Рекомендуем

Счетчики






Яндекс.Метрика

Глава 64

Становясь взрослее, мы вырастаем из трагедии. Мы привыкаем к ней, но не становимся к ней бесчувственны и вопреки горькому личному опыту надеемся, что за трагедией придет что-то другое, что жизнь не кончается после смерти, что есть что-то вроде искупления, освобождения. И даже понимая, что это не так, мы все равно продолжаем верить.

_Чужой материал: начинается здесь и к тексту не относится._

Theorem theorem3 (F : finFieldType) (n k r : nat) (S : 'M[int]_(r, n + n)) :
  stab_code n k (reduce (R:=F) S) ->
  exists M : 'M[int]_(r, n + n),
    [/\ LDI M,
        (reduce (R:=F) M == reduce (R:=F) S)%MS
      & forall R : finComNzRingType, stab_code n (n - r) (reduce (R:=R) M)].
Proof.
case=> B_isotropic B_inj _; set B := reduce S.
have [h X_free] := exists_row_free_xpart B_isotropic (inj_row_free B_inj).
have [f f_inj D_unit] := row_free_colsub_unit X_free.
have reduceD : reduce (colsub f (xpart h S)) = colsub f (xpart h B).
  by rewrite !reduceE map_mxsub map_xpart.
have [D' reduceD'] : exists D' : 'M[int]_r, reduce D' = invmx (colsub f (xpart h B)).
  by rewrite -reduceD; apply: reduce_invmx_lift; rewrite reduceD.
have reduceL : reduce (D' *m S) = invmx (colsub f (xpart h B)) *m B.
  by rewrite reduceE map_mxM /= -reduceE reduceD'.
have L_isotropic : isotropic (reduce (R:=F) (D' *m S)).
  by rewrite reduceL; apply: isotropic_mulmx.
have L_sel : reduce (R:=F) (colsub f (xpart h (D' *m S))) = 1%:M.
  by rewrite reduceE map_mxsub map_xpart /= -reduceE reduceL xpart_mul -mulmx_colsub mulVmx.
have [M [M_ldi reduceM [Q MQ]]] := ldi_lift h f_inj L_isotropic L_sel.
exists M; split=> //; last by move=> R; exact: ldi_stab_code M_ldi MQ R.
rewrite reduceM reduceL; apply/eqmxP/eqmxMfull.
by rewrite row_full_unit unitmx_inv.
Qed.
Lemma hcolon_family_min E : E \in hdel C F -> exists D, [/\ D \in hcolon_family C F,
  D \subset E :\: F & forall D', D' \in hcolon_family C F -> D' \subset D -> D' = D].
Proof.
move=> EC; pose below := [set D in hcolon_family C F | D \subset E :\: F].
have EFb : E :\: F \in below by rewrite inE subxx andbT; apply/imsetP; exists E.
have [D Db D_min] := arg_minnP (fun D => #|D|) EFb.
have : D \in below := Db; rewrite inE => /andP [Dfam DE].
exists D; split => // D' D'fam D'D; apply/eqP; rewrite eqEcard D'D D_min //.
suff : D' \in below by [].
by rewrite inE D'fam (subset_trans D'D DE).
Qed.

Lemma hnbhd_edge x E : E \in C -> #|E :\: F| == 1 -> x \in E :\: F ->
  E :\: F = [set x] /\ E \in hdel C F.
Proof.
move=> EC /cards1P [y Ey]; rewrite Ey inE => /eqP ->; split => //.
rewrite !inE EC andbT; apply/eqP => EF.
by move: Ey; rewrite EF setDv => /setP /(_ y); rewrite !inE eqxx.
Qed.

Lemma notin_hnbhd x D : D \in hcolonC C F -> x \in D -> x \notin hnbhd C F.
Proof.
rewrite in_hcolonC => /and3P [Dfam /forall_inP D_min D2] xD.
apply/bigcupP => [[E /andP [EC E1] xE]]; have [Ex EC'] := hnbhd_edge EC E1 xE.
have /eqP x_D : [set x] == D.
  by apply: (implyP (D_min _ _)); [apply/imsetP; exists E | rewrite sub1set].
by move: D2; rewrite -x_D cards1.
Qed.

Lemma hypergraph_hcolon : is_hypergraph (hcolonV V C F) (hcolonC C F).
Proof.
split => [D DC | D D']; last first.
  rewrite !in_hcolonC => /and3P [Dfam _ _] /and3P [_ /forall_inP D'_min _] DD'.
  by apply/eqP; apply: (implyP (D'_min _ Dfam)).
have D2 : 2 <= #|D| by move: DC; rewrite in_hcolonC => /and3P [].
split => //; move: (DC); rewrite in_hcolonC => /and3P [/imsetP [E]].
rewrite !inE => /andP [_ EC] DE _ _; apply/subsetP => x xD.
have [xE xF] : x \in E /\ x \notin F by move: xD; rewrite DE inE => /andP [].
rewrite !inE negb_or xF (notin_hnbhd DC xD) /=.
by apply: (subsetP (C_hyp.1 E EC).1).
Qed.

Странно, что настроение, которое приходит на смену трагедии, наступает в такую пору нашей жизни, которая по-своему трагичнее всех — когда начинают умирать друзья и родные, оставляя нас беззащитными наедине со старостью. Я стал ходить на похороны чаще, чем на свадьбы. В семье за три года мы похоронили семерых, а свадьба была одна. Трое похорон в один год. Даже нечастые крестины — обычно повод для светлейшей радости, — наоборот, обостряют сознание пропасти, разделяющей поколения. Да, Фрэнсис, мы седоки в неистовой колеснице и несемся в ней день за днем прочь с земли, от ее красот, запахов и звуков. И, направляясь в темноту, так хочется взять с собой хоть частицу света!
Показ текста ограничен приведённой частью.